= Heart-kun =

Individual Chihuahua dog

Heart-kun (ハート君) is a Chihuahua born with a heart-shaped patch of brown hair on its white coated body.

== History ==
Heart-kun was born in Ōdate, Akita, Japan on May 18, 2007, at the Pucchin Dog's shop. Born in a litter, Heart-kun was the only one of the group to have a heart-shaped patch. Shop owner Emiko Sakurada, who has bred more than 1,000 puppies over the course of several years, said that she had never seen such unique markings. "Kun" is an honorific that is appended most often to male names.

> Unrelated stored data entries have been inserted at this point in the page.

(* good: every run of consecutive 0s has length at most n-2,
   i.e. no n-1 consecutive terms are all 0 *)
Definition good (n : nat) (r : seq nat) : Prop :=
  forall i, ~~ all (fun x => x == 0) (window r n.-1 i).

Definition weight (r : seq nat) : nat := sumn r.
Definition weight_mod (q' : nat) (r : seq nat) : nat := weight r %% q'.

Definition sgn_mul (q' e x : nat) : nat := if odd e then negq q' x else x %% q'.

Definition t_term (q q' : nat) (s : seq nat) (i : nat) : nat :=
  let m := size s in
  let si := nth 0 s i in
  if si != 0 then sgn_mul q' (i + m - 1) si else sgn_mul q' (i + m - 1) q.

Definition U_ring (q q' : nat) (s : seq nat) : seq nat :=
  let t := [seq t_term q q' s i | i <- iota 0 (size s)] in
  s ++ map (negq q') s ++ t ++ map (negq q') t.

Definition half_replacement (q q' : nat) (U U' : seq nat) : Prop :=
  size U' = size U /\
  exists A : seq nat,
    [/\ uniq A,
        {in A, forall i, i < size U /\ nth 0 U i = 0},
        (size A).*2 = count (fun x => x == 0) U &
        forall i, i < size U ->
          nth 0 U' i = if nth 0 U i != 0 then nth 0 U i
                       else if i \in A then q.+1 else q' - q.+1].

From mathcomp Require Import all_boot zify.
Set Implicit Arguments. Unset Strict Implicit. Unset Printing Implicit Defensive.

(* Read as integers in (-q', q'), the terms of U have absolute value at most q
   while the fillers q+1 and q'-q-1 do not, so U' has no zeros and determines U.
   Taking absolute values modulo q maps both U and -U termwise onto S; hence a
   window of U' equal to a reversed (or negated reversed) window would give a
   reversed repetition in S, and two equal windows of U' start at positions
   congruent modulo m.  These positions are even congruent modulo 4m: the signs
   of two consecutive terms tell the blocks s, -s, t, -t apart, as signs
   alternate inside t and -t and are constant or zero inside s and -s; only s
   and -s need more, and there equal windows would either be an all-zero window
   of S, which is its own reverse, or run into the nonzero block t.  Finally
   w(U') = w(U) + |A| ((q+1) + (q'-q-1)), and w(U) = 0 mod q' since
   U = [s, -s, t, -t]. *)

Lemma negqE q' x : x < q' -> negq q' x = if x == 0 then 0 else q' - x.
Proof.
rewrite /negq; case: eqP => [->|x_neq0] ltxq; first by rewrite subn0 modnn.
by rewrite modn_small //; lia.
Qed.

Lemma dvdn_sumn_negq q' l :
  all (fun x => x < q') l -> q' %| sumn (l ++ map (negq q') l).
Proof.
elim: l => [|x l IHl] //= /andP[ltxq /IHl dv].
rewrite !sumn_cat /= in dv *.
have -> : x + (sumn l + (negq q' x + sumn (map (negq q') l))) =
          (x + negq q' x) + (sumn l + sumn (map (negq q') l)) by lia.
apply: dvdn_add dv; rewrite negqE //; case: eqP => [-> //|_].
by rewrite subnKC // ltnW.
Qed.

Lemma modn_mul_split p m k : p %% (k * m) = (p %/ m %% k) * m + p %% m.
Proof.
by rewrite modn_divl {1}(divn_eq (p %% (k * m)) m) modn_dvdm // dvdn_mull.
Qed.

Lemma window_mod r n i : window r n (i %% size r) = window r n i.
Proof. by apply: eq_mkseq => k; rewrite /term modnDml. Qed.

Lemma window_map (g : nat -> nat) r r' n i :
  (forall p, g (term r p) = term r' p) -> map g (window r n i) = window r' n i.
Proof. by move=> grr'; rewrite /window /mkseq -map_comp; apply: eq_map => k /=. Qed.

Heart-kun's owner, Sakurada, has received many requests from people who wish to buy him. Sukarada has rejected these requests, believing that the dog's special patch is giving her and her family luck. Two months after Heart-kun's birth, Sakurada's sister, Maki Matsuyama, won the lottery and a concert ticket. Matsuyama attributes this good fortune to Heart-kun.

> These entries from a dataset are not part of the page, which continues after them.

(* For an abelian group $A$, the following are equivalent: (i) $A$ is finitely generated; (ii) $A$ is SB-generated; (iii) $A$ has uncountable cofinality.
   Context: A subset of a group $G$ is strongly bounded if it has finite diameter in every left-invariant metric on $G$; a group is SB-generated if it is generated by a strongly bounded subset. A group has uncountable cofinality if it cannot be written as the union of a strictly increasing sequence $H_1\subsetneq H_2\subsetneq\cdots$ of subgroups. *)

From mathcomp Require Import all_boot all_algebra.
From Stdlib Require Import Reals.
Set Implicit Arguments. Unset Strict Implicit. Unset Printing Implicit Defensive.
Import GRing.Theory.
Local Open Scope ring_scope.

Section Defs.
Variable G : zmodType.

Definition is_subgroup (H : G -> Prop) : Prop :=
  H 0 /\ (forall x y, H x -> H y -> H (x + y)) /\ (forall x, H x -> H (- x)).

Definition generates (S : G -> Prop) : Prop :=
  forall H : G -> Prop, is_subgroup H -> (forall x, S x -> H x) -> forall x, H x.

Definition left_invariant_metric (d : G -> G -> R) : Prop :=
  (forall x y, d x y = R0 <-> x = y) /\
  (forall x y, d x y = d y x) /\
  (forall x y z, Rle (d x z) (Rplus (d x y) (d y z))) /\
  (forall g x y, d (g + x) (g + y) = d x y).

Definition strongly_bounded (S : G -> Prop) : Prop :=
  forall d : G -> G -> R, left_invariant_metric d ->
    exists M : R, forall x y, S x -> S y -> Rle (d x y) M.

Definition finitely_generated : Prop :=
  exists s : seq G, generates (fun x => x \in s).

Definition SB_generated : Prop :=
  exists S : G -> Prop, strongly_bounded S /\ generates S.

Definition uncountable_cofinality : Prop :=
  ~ exists H : nat -> (G -> Prop),
      (forall n, is_subgroup (H n)) /\
      (forall n, (forall x, H n x -> H n.+1 x) /\ exists x, H n.+1 x /\ ~ H n x) /\
      (forall x, exists n, H n x).

End Defs.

The pattern of a dog's fur is determined by genes. Heart-kun likely had a heart-shaped design on his coat because he had a collection of genes that induced brown fur, as well as a second collection dictating that the brown fur would be amalgamated with white patterns.

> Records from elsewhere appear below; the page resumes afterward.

(* Let $H$ be a $3$-graph with $s$ vertices, let $t\geq 1$, and let $G$ be a $3$-graph that is $H\sqcup S_{2,t}$-free. Let $v\in V(G)$. If $G-\{v\}$ contains a copy of $H$, then $\omega(G_v)\leq s+t$.
   Context: A $3$-graph $G$ is $F$-free if it contains no subgraph isomorphic to $F$. $S_{2,t}$ is the $3$-graph with vertex set $\{w_1,w_2,u_1,\dots,u_t\}$ and edge set $\{w_1w_2u_1,\dots,w_1w_2u_t\}$. $\sqcup$ denotes vertex-disjoint union. For $S\subseteq V(G)$, $G-S$ is the subgraph of $G$ induced by $V(G)\setminus S$. The link graph of $v$ is the $2$-graph $G_v=\{ab: vab\in E(G)\}$, and $\omega(\cdot)$ denotes the order of a maximum clique of a $2$-graph. *)

From mathcomp Require Import all_boot.
Set Implicit Arguments. Unset Strict Implicit. Unset Printing Implicit Defensive.

Definition is3graph (T : finType) (E : {set {set T}}) : Prop :=
  forall e, e \in E -> #|e| = 3.

Definition embeds (U T : finType) (EF : {set {set U}}) (EG : {set {set T}})
  (f : U -> T) : Prop :=
  injective f /\ forall e, e \in EF -> f @: e \in EG.

Definition contains (U T : finType) (EG : {set {set T}}) (EF : {set {set U}}) : Prop :=
  exists f : U -> T, embeds EF EG f.

Definition Ffree (U T : finType) (EG : {set {set T}}) (EF : {set {set U}}) : Prop :=
  ~ contains EG EF.

(* S_{2,t} on 'I_(t+2): w1 = 0, w2 = 1, u_i = i+1 (i = 1..t); edges w1 w2 u_i. *)
Definition S2t (t : nat) : {set {set 'I_t.+2}} :=
  [set [set ord0; inord 1; j] | j in [set j : 'I_t.+2 | 1 < j]].

Definition disj_union (U V : finType) (EH : {set {set U}}) (EF : {set {set V}})
  : {set {set (U + V)%type}} :=
  [set (@inl U V) @: e | e : {set U} in EH] :|: [set (@inr U V) @: e | e : {set V} in EF].

Definition deleteV (T : finType) (EG : {set {set T}}) (S : {set T})
  : {set {set {x : T | x \notin S}}} :=
  [set e : {set {x : T | x \notin S}} | (val @: e) \in EG].

Definition link (T : finType) (EG : {set {set T}}) (v : T) : rel T :=
  fun a b => [set v; a; b] \in EG.

Definition is_clique (T : finType) (r : rel T) (K : {set T}) : bool :=
  [forall a in K, forall b in K, (a != b) ==> r a b].

Definition omega (T : finType) (r : rel T) : nat :=
  \max_(K : {set T} | is_clique r K) #|K|.

(* Let K be a clique of the link of v with more than s + t vertices, and let S be the
   vertex set of a copy of H avoiding v.  Since G is a 3-graph, v is not in K, and at
   least t + 1 vertices of K lie outside S.  Together with v they span a copy of
   S_{2,t} (v and one of them as the centre pair, the other t as leaves) which is
   disjoint from the copy of H, so G would contain H ⊔ S_{2,t}. *)
From mathcomp Require Import all_boot zify.

Set Implicit Arguments. Unset Strict Implicit. Unset Printing Implicit Defensive.

Lemma is_cliqueP (T : finType) (r : rel T) (K : {set T}) :
  reflect {in K &, forall a b, a != b -> r a b} (is_clique r K).
Proof.
apply: (iffP forall_inP) => [cl a b aK bK ab | cl a aK].
  by move/forall_inP/(_ b bK)/implyP: (cl a aK); apply.
by apply/forall_inP => b bK; apply/implyP; apply: cl.
Qed.

Lemma is_cliqueS (T : finType) (r : rel T) (K L : {set T}) :
  L \subset K -> is_clique r K -> is_clique r L.
Proof.
move=> LK /is_cliqueP cl; apply/is_cliqueP => a b aL bL.
by apply: cl; apply: (subsetP LK).
Qed.

Lemma link_loopF (T : finType) (EG : {set {set T}}) (v b : T) :
  is3graph EG -> link EG v v b = false.
Proof.
move=> G3; apply/negP => /G3; rewrite /link setUid cards2.
by case: (v != b).
Qed.

Lemma link_clique_notin (T : finType) (EG : {set {set T}}) (v : T) (K : {set T}) :
  is3graph EG -> is_clique (link EG v) K -> 1 < #|K| -> v \notin K.
Proof.
move=> G3 /is_cliqueP cl K2; apply/negP => vK.
move: K2; rewrite (cardsD1 v K) vK ltnS => /card_gt0P [b].
rewrite !inE => /andP [bv bK].
by move: (cl v b vK bK); rewrite eq_sym bv link_loopF // => /(_ isT).
Qed.

Lemma contains_deleteV (U T : finType) (EF : {set {set U}}) (EG : {set {set T}})
    (S : {set T}) :
  contains (deleteV EG S) EF ->
  exists2 f : U -> T, embeds EF EG f & forall x, f x \notin S.
Proof.
move=> [f [finj fE]]; exists (val \o f) => [|x]; last exact: (valP (f x)).
split=> [x y /val_inj /finj // | e eF].
by move: (fE e eF); rewrite inE -imset_comp.
Qed.

Lemma contains_disj_union (U V T : finType) (EH : {set {set U}})
    (EF : {set {set V}}) (EG : {set {set T}}) (f : U -> T) (g : V -> T) :
  embeds EH EG f -> embeds EF EG g -> (forall x y, f x != g y) ->
  contains EG (disj_union EH EF).
Proof.
move=> [finj fE] [ginj gE] fg.
pose h z := match z with inl x => f x | inr y => g y end.
exists h; split.
  case=> [x1|y1] [x2|y2] //= E.
  - by rewrite (finj _ _ E).
  - by case/eqP: (fg x1 y2).
  - by case/eqP: (fg x2 y1).
  - by rewrite (ginj _ _ E).
move=> e; rewrite inE => /orP [] /imsetP [e' e'E ->]; rewrite -imset_comp.
  by rewrite (@eq_imset _ _ (h \o inl) f) //; apply: fE.
by rewrite (@eq_imset _ _ (h \o inr) g) //; apply: gE.
Qed.

Lemma embeds_S2t (T : finType) (EG : {set {set T}}) (t : nat) (g : 'I_t.+2 -> T) :
  injective g -> (forall j : 'I_t.+2, 1 < j -> [set g ord0; g (inord 1); g j] \in EG) ->
  embeds (S2t t) EG g.
Proof.
move=> ginj gE; split=> // e /imsetP [j]; rewrite inE => j1 ->.
by rewrite !imsetU !imset_set1; apply: gE.
Qed.

Lemma link_clique_S2t (T : finType) (EG : {set {set T}}) (v : T) (K : {set T})
    (t : nat) :
  v \notin K -> is_clique (link EG v) K -> t < #|K| ->
  exists2 g : 'I_t.+2 -> T, embeds (S2t t) EG g & forall j, g j \in v |: K.
Proof.
move=> vK /is_cliqueP cl Kbig.
pose b (i : 'I_t.+1) := enum_val (widen_ord Kbig i).
have binj : injective b.
  by move=> i1 i2 /enum_val_inj /(congr1 val) E; apply: val_inj.
have bK i : b i \in K by apply: enum_valP.
pose g (j : 'I_t.+2) := oapp b v (unlift ord0 j).
have gK j : g j \in v |: K.
  by rewrite /g; case: unliftP => [i _|_]; rewrite /= !inE ?bK ?orbT ?eqxx.
exists g => //; apply: embeds_S2t.
  move=> j1 j2; rewrite /g; case: unliftP => [i1 ->|->]; case: unliftP => [i2 ->|->] //=.
  - by move/binj ->.
  - by move=> biv; move: (bK i1); rewrite biv (negbTE vK).
  - by move=> vib; move: (bK i2); rewrite -vib (negbTE vK).
move=> j j1; have -> : inord 1 = lift ord0 (ord0 : 'I_t.+1).
  by apply: val_inj; rewrite /= inordK.
rewrite /g liftK unlift_none /=.
case: unliftP j1 => [i -> /= i0 | -> //]; apply: cl; rewrite ?bK //.
by apply/eqP => /binj i0E; rewrite -i0E in i0.
Qed.

Theorem claim3p5 (U T : finType) (EH : {set {set U}}) (s t : nat)
  (EG : {set {set T}}) (v : T) :
  is3graph EH -> #|U| = s -> 1 <= t ->
  is3graph EG ->
  Ffree EG (disj_union EH (S2t t)) ->
  contains (deleteV EG [set v]) EH ->
  omega (link EG v) <= s + t.
Proof.
move=> _ Us t1 G3 GF /contains_deleteV [f fH fv].
apply/bigmax_leqP => K Kcl; rewrite leqNgt; apply/negP => Kbig.
pose S := f @: U.
have vK : v \notin K by apply: link_clique_notin G3 Kcl _; lia.
have Sbig : t < #|K :\: S|.
  have : #|K :&: S| <= s.
    by rewrite -Us; apply: leq_trans (leq_imset_card f U); apply/subset_leq_card/subsetIr.
  by rewrite cardsD; lia.
have vKS : v \notin K :\: S by rewrite inE (negbTE vK) andbF.
have [g gS gK] := link_clique_S2t vKS (is_cliqueS (subsetDl K S) Kcl) Sbig.
apply: GF; apply: (contains_disj_union fH gS) => x j.
have fxS : f x \in S by apply: imset_f.
apply/eqP => fg; move: (gK j) (fv x); rewrite -fg !inE fxS /= orbF.
by move=> ->.
Qed.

Over 200,000 people watched videos of Heart-kun on YouTube. Heart-kun became well known in Japan after a Japanese TV station photographed him.

In August 2009, Heart-kun sired Kokoro-chan, who also possesses a heart-shaped design on its coat. In the same month, Heart-kun's mother, in a litter comprising four puppies, had a pup named Love-kun that possessed the distinct heart-shaped design on its coat. Sakurada reiterated that she would sell neither dog.

A horse with a white heart-shaped patch on its brown head has been given a similar name.